Eine andere Zielsetzung verfolgen hingegen solche SelfAssessments, die dem Nutzer eine Antwort auf die Frage liefern, ob er zu einem bestimmten Arbeitgeber passt ("Person-Organization-Fit"). Folglich stehen hier oft grundlegende Aspekte wie Unternehmenswerte im Vordergrund. Beispielhaft zu nennen wären hier etwa "Could it be U?" von Unilever, "Discover Bertelsmann" oder der demnächst erscheinende Haniel Wertekompass.
Hinsichtlich der eingesetzten Methodik gibt es solche SelfAssessments, die eher "eignungsdiagnostisch" im Sinne eines SelbstTESTS funktionieren. Hier steht im Kern zumeist eine Art Fragenkatalog, der die zu testenden Konstrukte operationalisiert. Im Hintergrund laufen diese Antworten gegen einen Auswertungsalgorithmus, der die Antworten bewertet und am Ende zu einem Ergebnis verdichtet, was als Feedback an den Nutzer kommuniziert wird. Als Beispiele hierfür können etwa der AusbildungsCheck der Jobbörse Jobstairs , das SelfAssessment von BP Global oder die bereits oben genannte Applikation „Discover Bertelsmann“ angeführt werden.

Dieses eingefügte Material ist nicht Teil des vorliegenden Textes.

Lemma trinomial_sum_irreducible s0 s1 s2 g0 g1 g2 :
  add_Furstenberg S -> (forall a, add_atom S a <-> Sunit S a) ->
  s0 \in S -> s1 \in S -> s2 \in S -> s0 != 0 -> s1 != 0 -> s2 != 0 ->
  lt g1 g0 -> lt g2 g1 -> ~ (Sunit S s0 /\ Sunit S s1 /\ Sunit S s2) ->
  exists p q, [/\ sg_irreducible S p, sg_irreducible S q &
                  sg_eq [:: (s0, g0); (s1, g1); (s2, g2)] (sg_add p q)].
Proof.
move=> hF atomU s0S s1S s2S n0 n1 n2 h10 h21 nU.
have decompose s : s \in S -> s != 0 -> ~ Sunit S s ->
    exists a t, [/\ Sunit S a, t \in S, t != 0 & s = a + t].
  by apply: add_Furstenberg_nonunit => // a /atomU.
have := lt_chain_uniq ord h10 h21.
rewrite /= !inE !negb_or => /and3P[/andP[n01 n02] n12 _].
have [n10 n20] : g1 != g0 /\ g2 != g0 by rewrite !(eq_sym _ g0).
case: (classic (Sunit S s1)) => [s1U|/(decompose _ s1S n1) [a1 [t1 [a1U t1S t10 ->]]]];
  case: (classic (Sunit S s0)) => [s0U|/(decompose _ s0S n0) [a0 [t0 [a0U t0S t00 ->]]]].
- have /(decompose _ s2S n2) [a [t [aU tS t0 ->]]] : ~ Sunit S s2 by move=> s2U; apply: nU.
  exists [:: (a, g2); (s0, g0)], [:: (s1, g1); (t, g2)].
  split; [by apply: binomial_irreducible | by apply: binomial_irreducible |].
  by move=> g; rewrite coef_sg_add !coef_cons !coef_nil;
    case: (g0 == g); case: (g1 == g); case: (g2 == g); ring.
- exists [:: (s1, g1); (t0, g0)], [:: (a0, g0); (s2, g2)].
  split; [by apply: binomial_irreducible | by apply: binomial_irreducible |].
  by move=> g; rewrite coef_sg_add !coef_cons !coef_nil;
    case: (g0 == g); case: (g1 == g); case: (g2 == g); ring.
- exists [:: (s0, g0); (t1, g1)], [:: (a1, g1); (s2, g2)].
  split; [by apply: binomial_irreducible | by apply: binomial_irreducible |].
  by move=> g; rewrite coef_sg_add !coef_cons !coef_nil;
    case: (g0 == g); case: (g1 == g); case: (g2 == g); ring.
- exists [:: (t0, g0); (a1, g1); (s2, g2)], [:: (a0, g0); (t1, g1)].
  split; [by apply: trinomial_irreducible => //; apply/atomU |
         by apply: binomial_irreducible |].
  by move=> g; rewrite coef_sg_add !coef_cons !coef_nil;
    case: (g0 == g); case: (g1 == g); case: (g2 == g); ring.
Qed.

End Irreducibility.

Theorem lemma3p5 (R : idomainType) (S : {pred R}) (G : zmodType) (lt : rel G)
  (s0 s1 s2 : R) (g0 g1 g2 : G) :
  semidomain S -> add_reduced S -> add_Furstenberg S ->
  (forall a, add_atom S a <-> Sunit S a) ->
  torsion_free G -> ordered_group lt ->
  s0 \in S -> s1 \in S -> s2 \in S -> s0 != 0 -> s1 != 0 -> s2 != 0 ->
  lt g1 g0 -> lt g2 g1 ->
  let f := [:: (s0, g0); (s1, g1); (s2, g2)] in
  ((Sunit S s0 /\ Sunit S s1 /\ Sunit S s2) -> sg_irreducible S f) /\
  (~ (Sunit S s0 /\ Sunit S s1 /\ Sunit S s2) ->
     exists p q, [/\ sg_irreducible S p, sg_irreducible S q &
                     sg_eq f (sg_add p q)]).
Proof.
move=> sdS redS hF atomU _ ord s0S s1S s2S n0 n1 n2 h10 h21 f; split.
  case=> _ [s1U _]; apply: (trinomial_irreducible sdS redS ord) => //.
  exact/atomU.
exact: (trinomial_sum_irreducible sdS redS ord).
Qed.
(* Let $(\mathcal G,p)$ be a CPS on the finite set $\Omega$ with $\mathcal G$ closed under unions and nonempty intersections and covering $\Omega$, and let $\widehat{\mathcal G}$ be its $1$-augmentation. Then: (i) there exists a CPS $(\widehat{\mathcal G},\widehat p)$ extending $(\mathcal G,p)$, i.e. $\widehat p_G=p_G$ for every $G\in\mathcal G$, which moreover satisfies (ii): whenever $K\in\widehat{\mathcal G}$, $L\subseteq K$ and $\widehat p_K(L)=1$, then $L\in\widehat{\mathcal G}$; (iii) for this extension, the $1$-augmentation of $(\widehat{\mathcal G},\widehat p)$ equals $\widehat{\mathcal G}$; (iv) $(\mathcal G,p)$ is $1$-closed if and only if $\widehat{\mathcal G}=\mathcal G$.
   Context: $\Omega$ is a finite set; every subset is an event. A CPS is a pair $(\mathcal G,p)$ where $\mathcal G$ is a family of nonempty subsets of $\Omega$ and $p$ assigns to each $G\in\mathcal G$ a probability measure $p_G$ on $\Omega$ with $p_G(G)=1$ and $p_G(E)=p_G(F)p_F(E)$ whenever $E\subseteq F\subseteq G$, $F,G\in\mathcal G$. For a CPS $(\mathcal G,p)$ let $\mathcal E=\{E\subseteq\Omega: p_G(E)=1 \text{ for some } G\in\mathcal G \text{ with } E\subseteq G\}$. The $1$-augmentation $\widehat{\mathcal G}$ of $(\mathcal G,p)$ is the smallest family of subsets of $\Omega$ that contains $\mathcal E$, is closed under unions and under nonempty intersections, and covers $\Omega$. $(\mathcal G,p)$ is $1$-closed if $\mathcal E=\mathcal G$. *)

(* Omega is a finite type T; events are {set T}. *)
From HB Require Import structures.
From mathcomp Require Import all_boot all_order all_algebra.
From mathcomp Require Export reals.
Set Implicit Arguments. Unset Strict Implicit. Unset Printing Implicit Defensive.
Import Order.TTheory GRing.Theory Num.Theory.
Local Open Scope ring_scope.

Section CPS.
Variables (T : finType) (R : realType).

Definition prob_measure (mu : {ffun T -> R}) : Prop :=
  (forall x, 0 <= mu x) /\ \sum_x mu x = 1.

Definition meas (mu : {ffun T -> R}) (E : {set T}) : R := \sum_(x in E) mu x.

(* Conditional probability system (G, p): p G0 is only relevant for G0 \in G. *)
Definition CPS (G : {set {set T}}) (p : {set T} -> {ffun T -> R}) : Prop :=
  (forall G0, G0 \in G -> G0 != set0) /\
  (forall G0, G0 \in G -> prob_measure (p G0) /\ meas (p G0) G0 = 1) /\
  (forall E F G0 : {set T}, F \in G -> G0 \in G -> E \subset F -> F \subset G0 ->
     meas (p G0) E = meas (p G0) F * meas (p F) E).

Definition calE (G : {set {set T}}) (p : {set T} -> {ffun T -> R}) : {set {set T}} :=
  [set E : {set T} | [exists G0 in G, (E \subset G0) && (meas (p G0) E == 1)]].

Definition closed_fam (H : {set {set T}}) : bool :=
  [forall A in H, forall B in H, A :|: B \in H] &&
  [forall A in H, forall B in H, (A :&: B != set0) ==> (A :&: B \in H)] &&
  (cover H == setT).

Definition augment (G : {set {set T}}) (p : {set T} -> {ffun T -> R}) : {set {set T}} :=
  \bigcap_(H : {set {set T}} | (calE G p \subset H) && closed_fam H) H.

Definition one_closed (G : {set {set T}}) (p : {set T} -> {ffun T -> R}) : Prop :=
  calE G p = G.

End CPS.

From mathcomp Require Import all_boot all_order all_algebra.
Set Implicit Arguments. Unset Strict Implicit. Unset Printing Implicit Defensive.
Import Order.TTheory GRing.Theory Num.Theory.
Local Open Scope ring_scope.

(* Every CPS on a union-closed family is lexicographic: for some rank [r : T -> nat]
   and positive weights [w], each [p G] is [w] renormalised on the points of minimal
   rank in [G].  To see this, give rank 0 and weight [p Top] to the support of [p] at
   the largest set [Top], and recurse on the (smaller) family of sets missing that
   support.  The same formula on every nonempty set is a CPS on the 1-augmentation.
   If it gives [L \subset K] probability 1 at [K], then [L] contains the
   minimal-rank points of [K], hence [K :&: M] for [M] the globally minimal-rank
   points; as [p setT] lives on [M], [M :|: L] is an event of [calE], and
   [L = K :&: (M :|: L)] lies in the augmentation, which thus augments to itself. *)

Section Measure.
Variables (T : finType) (R : realType).
Implicit Types (mu : {ffun T -> R}) (A E : {set T}).

Definition supp mu : {set T} := [set x | 0 < mu x].

Lemma meas0 mu : meas mu set0 = 0.
Proof. by rewrite /meas big_set0. Qed.

Lemma meas1 mu x : meas mu [set x] = mu x.
Proof. by rewrite /meas big_set1. Qed.

Lemma meas_setT mu : meas mu setT = \sum_x mu x.
Proof. by apply: eq_bigl => x; rewrite inE. Qed.

Lemma meas_gt0 mu A x :
  (forall y, 0 <= mu y) -> x \in A -> 0 < mu x -> 0 < meas mu A.
Proof. by move=> ge0 xA mux; rewrite /meas (bigD1 x) //= ltr_pwDl ?sumr_ge0. Qed.

Lemma notin_supp mu x : 0 <= mu x -> x \notin supp mu -> mu x = 0.
Proof. by rewrite inE -leNgt => ge0 le0; apply/eqP; rewrite eq_le le0. Qed.

Lemma meas_setI_supp mu A :
  (forall x, 0 <= mu x) -> meas mu (A :&: supp mu) = meas mu A.
Proof.
move=> ge0; rewrite [RHS](bigID (mem (supp mu))) /= [X in _ + X]big1 ?addr0.
  by apply: eq_bigl => x; rewrite inE.
by move=> x /andP[_ /(notin_supp (ge0 x))].
Qed.

Lemma meas_eq1P mu A : prob_measure mu ->
  meas mu A = 1 <-> (forall x, x \notin A -> mu x = 0).
Proof.
move=> [ge0 sum1].
have -> : meas mu A = 1 - \sum_(x | x \notin A) mu x.
  by rewrite -sum1 (bigID (mem A)) /= addrK.
split=> [/eqP | out0]; last by rewrite big1 ?subr0.
rewrite subr_eq addrC -subr_eq subrr eq_sym => /eqP.
by move/(psumr_eq0P (fun x _ => ge0 x)).
Qed.

Lemma supp_sub mu A : prob_measure mu -> meas mu A = 1 -> supp mu \subset A.
Proof.
move=> mu_prob /(meas_eq1P A mu_prob) out0; apply/subsetP => x.
by apply: contraTT => /out0; rewrite inE => ->; rewrite ltxx.
Qed.

Lemma supp_neq0 mu : prob_measure mu -> supp mu != set0.
Proof.
case=> ge0 sum1; apply/set0Pn.
have sum_neq0 : \sum_x mu x <> 0 by rewrite sum1; apply/eqP/oner_neq0.
have [x /andP[_ mux]] := psumr_neq0P (fun x _ => ge0 x) sum_neq0.
by exists x; rewrite inE.
Qed.

End Measure.

Section Lexicographic.
Variables (T : finType) (R : realType).
Implicit Types (r : T -> nat) (w : {ffun T -> R}) (A B E F : {set T}).

Definition minrank r A : {set T} := [set x in A | [forall y in A, r x <= r y]%N].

Davon unterscheidbar sind SelfAssessments, die eher im Sinne eines Spiels oder einer Simulation zu kommunizierende Aspekte "erlebbar“ machen. Hier heißt es sinnbildlich: „Schön, dass Sie da sind, dann übernehmen Sie mal...". Bei dieser Art "Serious Games" lassen sich die Aufgaben zwar auch unterschiedlich gut lösen, so dass der Nutzer in der Regel auch ein Feedback erhält, doch liegt der eigentliche Hauptnutzen weniger im Feedback als vielmehr im Spiel selbst. Der Weg als Ziel hilft die Frage zu beantworten, ob man zu so etwas Lust hat oder so etwas kann. Solche SelfAssessments wie etwas das Tool „C!You“ der Stadt Hamburg (Berufsbild: Beamter) sind in der Regel aufwendiger in Inhalt und Gestaltung, schaffen dafür aber auch Einblicke in einer anderen Qualität.
In der Praxis sind diese Grenzen bzgl. Zielsetzung und Methodik fließend. Letztlich sind alle Ansätze von SelfAssessments genau so individuell wie die Arbeitgebermarken, für die sie stehen.